So erstellen Sie einen bootfähigen Windows 10-USB-Stick mithilfe der Eingabeaufforderung
Wer schon mal versucht hat, einen bootfähigen Windows-USB-Stick nur über die Kommandozeile zu erstellen, weiß, dass das nicht ganz einfach ist – vor allem, wenn man sich nicht alle Befehle merken kann. Aber ehrlich gesagt, lohnt sich diese Methode bei manchen Systemen durchaus, da sie keine Drittanbieter-Tools wie Rufus oder balenaEtcher benötigt, die manchmal überladen oder unzuverlässig wirken können. Es ist zwar ein manueller Prozess, aber er gibt einem das Gefühl, etwas Besonderes geschafft zu haben – und erspart einem die eine oder andere Installation, wenn man sich mit der Kommandozeile und diskpart auskennt.
Wenn Sie dieser Anleitung folgen, erhalten Sie einen bootfähigen USB-Stick, mit dem Sie Windows 10, 8 oder sogar 7 installieren können. Sie benötigen eine Windows-ISO-Datei oder -DVD, einen USB-Stick (vorzugsweise 8 GB oder größer, abhängig von der Größe der ISO-Datei) und etwas Geduld für die Eingabe in der Kommandozeile. Ihr PC muss das Booten von USB unterstützen, was heutzutage in der Regel kein Problem darstellt. Sollte dies jedoch nicht der Fall sein, gibt es dennoch Umgehungsmöglichkeiten. Diese Methode ist in der Regel zuverlässiger als die alleinige Verwendung von Drittanbieterprogrammen, insbesondere wenn Ihr System etwas wählerisch ist. Ein kleiner Hinweis: Bei manchen Systemen müssen Sie möglicherweise neu starten oder einen Trick anwenden, damit das BIOS Ihren USB-Stick als Boot-Gerät erkennt.
Vorbereiten eines bootfähigen Windows 10/8/7-USB-Sticks
Anforderungen:
- USB-Stick (mindestens 4 GB, 8 GB sind besser)
- Windows-ISO-Datei oder DVD, die Sie bootfähig machen möchten
Okay, hier die Kurzanleitung, wie man mit der Eingabeaufforderung und dem Befehl `diskpart` einen bootfähigen USB-Stick erstellt – ganz ohne komplizierte GUI-Tools. Die Methode ist zwar etwas altmodisch, aber zuverlässig, besonders wenn man sich mit der Kommandozeile auskennt. Wichtig ist nur, dass der USB-Stick vorher komplett gelöscht wird.

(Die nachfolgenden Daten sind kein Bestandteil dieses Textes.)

(* The exact per-constraint factor, expressed with the binomial counts
   [C0 = C(D,q)], [C1 = C(D-1,q)], [C2 = C(D-2,q)] and [a] of the [c] scopes
   inside the agreement set, is nonnegative and at most [pair_factor D qr b]
   when [b <= a/c]. *)
Lemma constraint_factor_le (c a C0 C1 C2 D qr b : R) :
  0 < c -> 0 <= a <= c -> 0 < C0 ->
  D * C1 = (D - qr) * C0 -> (D - 1) * C2 = (D - 1 - qr) * C1 ->
  0 <= qr -> 2 <= D - qr -> 0 <= b <= a / c ->
  0 <= (c * C1) ^ 2 / (c * C0 * (a * C1 + (c - a) * C2)) <= pair_factor D qr b.
Proof.
move=> hc ha h0 e1 e2 hq hD hb.
set r1 := 1 - qr / D; set u := 1 - qr / (D - 1).
have er1 : r1 = (D - qr) / D by rewrite /r1; field; lra.
have eu : u = (D - 1 - qr) / (D - 1) by rewrite /u; field; lra.
have hr1 : 0 < r1 by rewrite er1; apply: Rdiv_lt_0_compat; lra.
have hu : 0 < u by rewrite eu; apply: Rdiv_lt_0_compat; lra.
have hu1 : u <= 1.
  have : 0 <= qr / (D - 1) by apply: Rdiv_le_0_compat; lra.
  rewrite /u; lra.
have eC1 : C1 = r1 * C0 by rewrite er1; apply: (Rmult_eq_reg_l D); [rewrite e1; field|]; lra.
have eC2 : C2 = r1 * u * C0.
  by rewrite eu; apply: (Rmult_eq_reg_l (D - 1)); [rewrite e2 eC1; field|]; lra.
have hr2 : 0 < r1 * u by nra.
have hr12 : r1 * u <= r1 by nra.
have hgap : 0 <= a * (r1 - r1 * u) by nra.
have hmix : 0 < c * (r1 * u) + a * (r1 - r1 * u) by nra.
have -> : (c * C1) ^ 2 / (c * C0 * (a * C1 + (c - a) * C2)) =
          r1 ^ 2 / (r1 * u + a / c * (r1 - r1 * u)).
  rewrite eC1 eC2; field; repeat split; nra.
have hden : 0 < r1 * u + b * (r1 - r1 * u).
  have : 0 <= b * (r1 - r1 * u) by apply: Rmult_le_pos; lra.
  lra.
split.
  apply: Rdiv_le_0_compat; first by apply: pow_le; lra.
  have : 0 <= a / c * (r1 - r1 * u) by apply: Rmult_le_pos; lra.
  lra.
rewrite /pair_factor -/r1 -/u /Rdiv.
apply: Rmult_le_compat_l; first by apply: pow_le; lra.
apply: Rinv_le_contravar => //.
have : b * (r1 - r1 * u) <= a / c * (r1 - r1 * u) by apply: Rmult_le_compat_r; lra.
lra.
Qed.

Lemma scope_fraction_ge (n m k : nat) : (k <= n)%N -> (0 < n)%N ->
  (INR (m - k) / INR n) ^ k <= INR 'C(m, k) / INR 'C(n, k).
Proof.
move=> hkn hn.
have hf : 0 < INR k`! by apply: lt_0_INR; apply/ltP; exact: fact_gt0.
have hc : 0 < INR 'C(n, k) by apply: lt_0_INR; apply/ltP; rewrite bin_gt0.
have hnr : 0 < INR n by apply: lt_0_INR; apply/ltP.
have lo : INR (m - k) ^ k <= INR 'C(m, k) * INR k`!.
  by rewrite -INR_expn -mult_INR; apply: le_INR; apply/leP; exact: ffact_ge.
have hi : INR 'C(n, k) * INR k`! <= INR n ^ k.
  by rewrite -INR_expn -mult_INR; apply: le_INR; apply/leP; exact: ffact_le.
have -> : INR 'C(m, k) / INR 'C(n, k) = INR 'C(m, k) * INR k`! / (INR 'C(n, k) * INR k`!).
  by field; lra.
rewrite pow_div /Rdiv; apply: Rmult_le_compat => //.
- by apply: pow_le; exact: pos_INR.
- by apply: Rlt_le; apply: Rinv_0_lt_compat; apply: pow_lt.
- by apply: Rinv_le_contravar => //; nra.
Qed.

Lemma moment_ratio_le_binomials (n d k q t m : nat) :
  (m <= n)%N -> (k <= n)%N -> (0 < d)%N -> (q + 2 <= d ^ k)%N ->
  let c := 'C(n, k) in let C0 := 'C(d ^ k, q) in let C1 := 'C(d ^ k - 1, q) in
  let L := ('C(m, k) * C1 + (c - 'C(m, k)) * 'C(d ^ k - 2, q))%N in
  moment_aux n d k q t 1 ^ 2 / moment_aux n d k q t 2 <=
  INR d ^ m * ((INR c * INR C1) ^ 2 / (INR c * INR C0 * INR L)) ^ t.
Proof.
move=> hmn hkn hd hqD c C0 C1 L.
have pos (x : nat) : (0 < x)%N -> 0 < INR x by move=> h; apply: lt_0_INR; apply/ltP.
have hc : (0 < c)%N by rewrite bin_gt0.
have hC0 : (0 < C0)%N by rewrite bin_gt0; lia.
have hL : (0 < L)%N.
  have hC2 : (0 < 'C(d ^ k - 2, q))%N by rewrite bin_gt0; lia.
  apply: (@leq_trans (c * 'C(d ^ k - 2, q))); first by rewrite muln_gt0 hc hC2.
  have hmc : ('C(m, k) <= c)%N by apply: leq_bin2l.
  rewrite /L {1}(_ : c = 'C(m, k) + (c - 'C(m, k)))%N ?mulnDl; last by lia.
  by rewrite leq_add2r leq_mul //; apply: leq_bin2l; lia.
have hV : 0 < INR ((c * C0) ^ t)%N by apply: pos; rewrite expn_gt0 muln_gt0 hc hC0.
rewrite /moment_aux card_valid_instances card_valid_constr -/c -/C0.
apply: Rle_trans.
  apply: (sq_ratio_le (U := INR (d ^ n * (c * C1) ^ t)%N / INR ((c * C0) ^ t)%N)
                      (W := INR (d ^ n * (d ^ (n - m) * L ^ t))%N / INR ((c * C0) ^ t)%N)).
  - by apply: Rdiv_le_0_compat => //; exact: pos_INR.
  - apply: Rmult_le_compat_r; first by apply: Rlt_le; apply: Rinv_0_lt_compat.
    by apply: le_INR; apply/leP; exact: first_moment_sum_le.
  - by apply: Rdiv_lt_0_compat => //; apply: pos; rewrite !muln_gt0 !expn_gt0 hd hL.
  - apply: Rmult_le_compat_r; first by apply: Rlt_le; apply: Rinv_0_lt_compat.
    by apply: le_INR; apply/leP; exact: second_moment_sum_ge.
rewrite !mult_INR !INR_expn !mult_INR ratio_of_bounds //; first exact: Rle_refl.
all: by apply: pos.
Qed.

Lemma moment_ratio_le (n d k q t m : nat) :
  (m <= n)%N -> (k <= n)%N -> (0 < k)%N -> (0 < d)%N -> (q + 2 <= d ^ k)%N ->
  moment_aux n d k q t 1 ^ 2 / moment_aux n d k q t 2 <=
  INR d ^ m * pair_factor (INR d ^ k) (INR q) ((INR (m - k) / INR n) ^ k) ^ t.
Proof.
move=> hmn hkn hk0 hd hqD.
apply: Rle_trans (moment_ratio_le_binomials t hmn hkn hd hqD) _.
have pos (x : nat) : (0 < x)%N -> 0 < INR x by move=> h; apply: lt_0_INR; apply/ltP.
set D := (d ^ k)%N; set c := 'C(n, k); set a := 'C(m, k).
set C0 := 'C(D, q); set C1 := 'C(D - 1, q); set C2 := 'C(D - 2, q).
have hc : 0 < INR c by apply: pos; rewrite bin_gt0.
have hC0 : 0 < INR C0 by apply: pos; rewrite bin_gt0; lia.
have hC2 : 0 < INR C2 by apply: pos; rewrite bin_gt0; lia.
have hac : (a <= c)%N by apply: leq_bin2l.
apply: Rmult_le_compat_l; first by apply: pow_le; apply: pos_INR.
apply: pow_incr.
rewrite plus_INR !mult_INR INR_subn // -INR_expn -/D.
apply: constraint_factor_le => //.
- by split; [exact: pos_INR | apply: le_INR; apply/leP].
- by rewrite -INR_muln /C1 /C0 bin_sub1 INR_muln INR_subn //; lia.
- have e := congr1 INR (bin_sub2 D q).
  rewrite !INR_muln (INR_subn (a := (D - 1)%N)) ?(INR_subn (a := D)) /= in e.
  + exact: e.
  + lia.
  + lia.
- exact: pos_INR.
- by rewrite -INR_subn; [apply: (le_INR 2); apply/leP | ]; lia.
- split; first by apply: pow_le; apply: Rdiv_le_0_compat; [exact: pos_INR | apply: pos; lia].
  by apply: scope_fraction_ge => //; lia.
Qed.

(* If [k (tau - 1) < tau ln tau], the function [ln (1 + (tau - 1) s^k) - s ln tau],
   which vanishes at [s = 1] with derivative [k (tau - 1)/tau - ln tau < 0],
   is positive just below [1]. *)
Lemma exists_positive_gap (k : nat) (tau : R) : (1 <= k)%N -> 1 < tau ->
  INR k * (tau - 1) < tau * ln tau ->
  exists s, 0 < s < 1 /\ s * ln tau < ln (1 + (tau - 1) * s ^ k).
Proof.
move=> hk ht hkt.
pose gap s := ln (1 + (tau - 1) * s ^ k) - s * ln tau.
pose l := INR k * (tau - 1) / tau - ln tau.
have hl : l < 0.
  rewrite /l; apply: (Rmult_lt_reg_r tau); first lra.
  by rewrite Rmult_0_l Rmult_minus_distr_r; field_simplify; lra.
have gap1 : gap 1 = 0 by rewrite /gap pow1 Rmult_1_r (_ : 1 + (tau - 1) = tau) //; ring.
have dgap : derivable_pt_lim gap 1 l.
  apply/is_derive_Reals; rewrite /gap /l; auto_derive; rewrite !pow1; first lra.
  rewrite (_ : 1 + (tau - 1) * 1 = tau); [field | ring]; lra.
have [del hdel] := dgap (- l / 2) ltac:(lra).
pose h := - Rmin del 1 / 2.
have hm1 : 0 < Rmin del 1 by apply: Rmin_glb_lt; [exact: cond_pos | lra].
have hm2 := Rmin_r del 1; have hm3 := Rmin_l del 1.
have hh : h < 0 by rewrite /h; lra.
have hhd : Rabs h < del by rewrite /h Rabs_left; lra.
have slope : gap (1 + h) / h < l / 2.
  have := hdel h ltac:(lra) hhd; rewrite gap1 Rminus_0_r.
  by have := Rle_abs (gap (1 + h) / h - l); lra.
have gap_pos : 0 < gap (1 + h).
  have -> : gap (1 + h) = gap (1 + h) / h * h by field; lra.
  by nra.
exists (1 + h); split; first by rewrite /h; lra.
by rewrite /gap in gap_pos; lra.
Qed.

(** Limits of the parameters of Model RB. *)

Lemma nfloor_spec (x : R) : 0 <= x -> INR (nfloor x) <= x < INR (nfloor x) + 1.
Proof.
move=> hx; rewrite /nfloor; have [h1 h2] := base_Int_part x.
have hz : (0 <= Int_part x)%Z.
  have : (-1 < Int_part x)%Z by apply: lt_IZR; lra.
  lia.
by rewrite INR_IZR_INZ Z2Nat.id //; lra.
Qed.

Lemma lim_p_infty_gt (u : nat -> R) :
  is_lim_seq u p_infty -> forall M, eventually (fun n => M < u n).
Proof. by move/is_lim_seq_spec. Qed.

Lemma lim_inv_p_infty (u : nat -> R) :
  is_lim_seq u p_infty -> is_lim_seq (fun n => / u n) 0.
Proof. by move=> h; apply: (is_lim_seq_inv _ _ h). Qed.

Sichern Sie also unbedingt alle wichtigen Daten.
Wie man mit der Eingabeaufforderung einen bootfähigen Windows-USB-Stick erstellt
Schritt 1: USB-Stick löschen – für neue Daten und Partitionierung vorbereiten. Stecken Sie zuerst Ihren USB-Stick ein und kopieren Sie dann alle Dateien, die Sie woanders speichern möchten; alles darauf wird gelöscht.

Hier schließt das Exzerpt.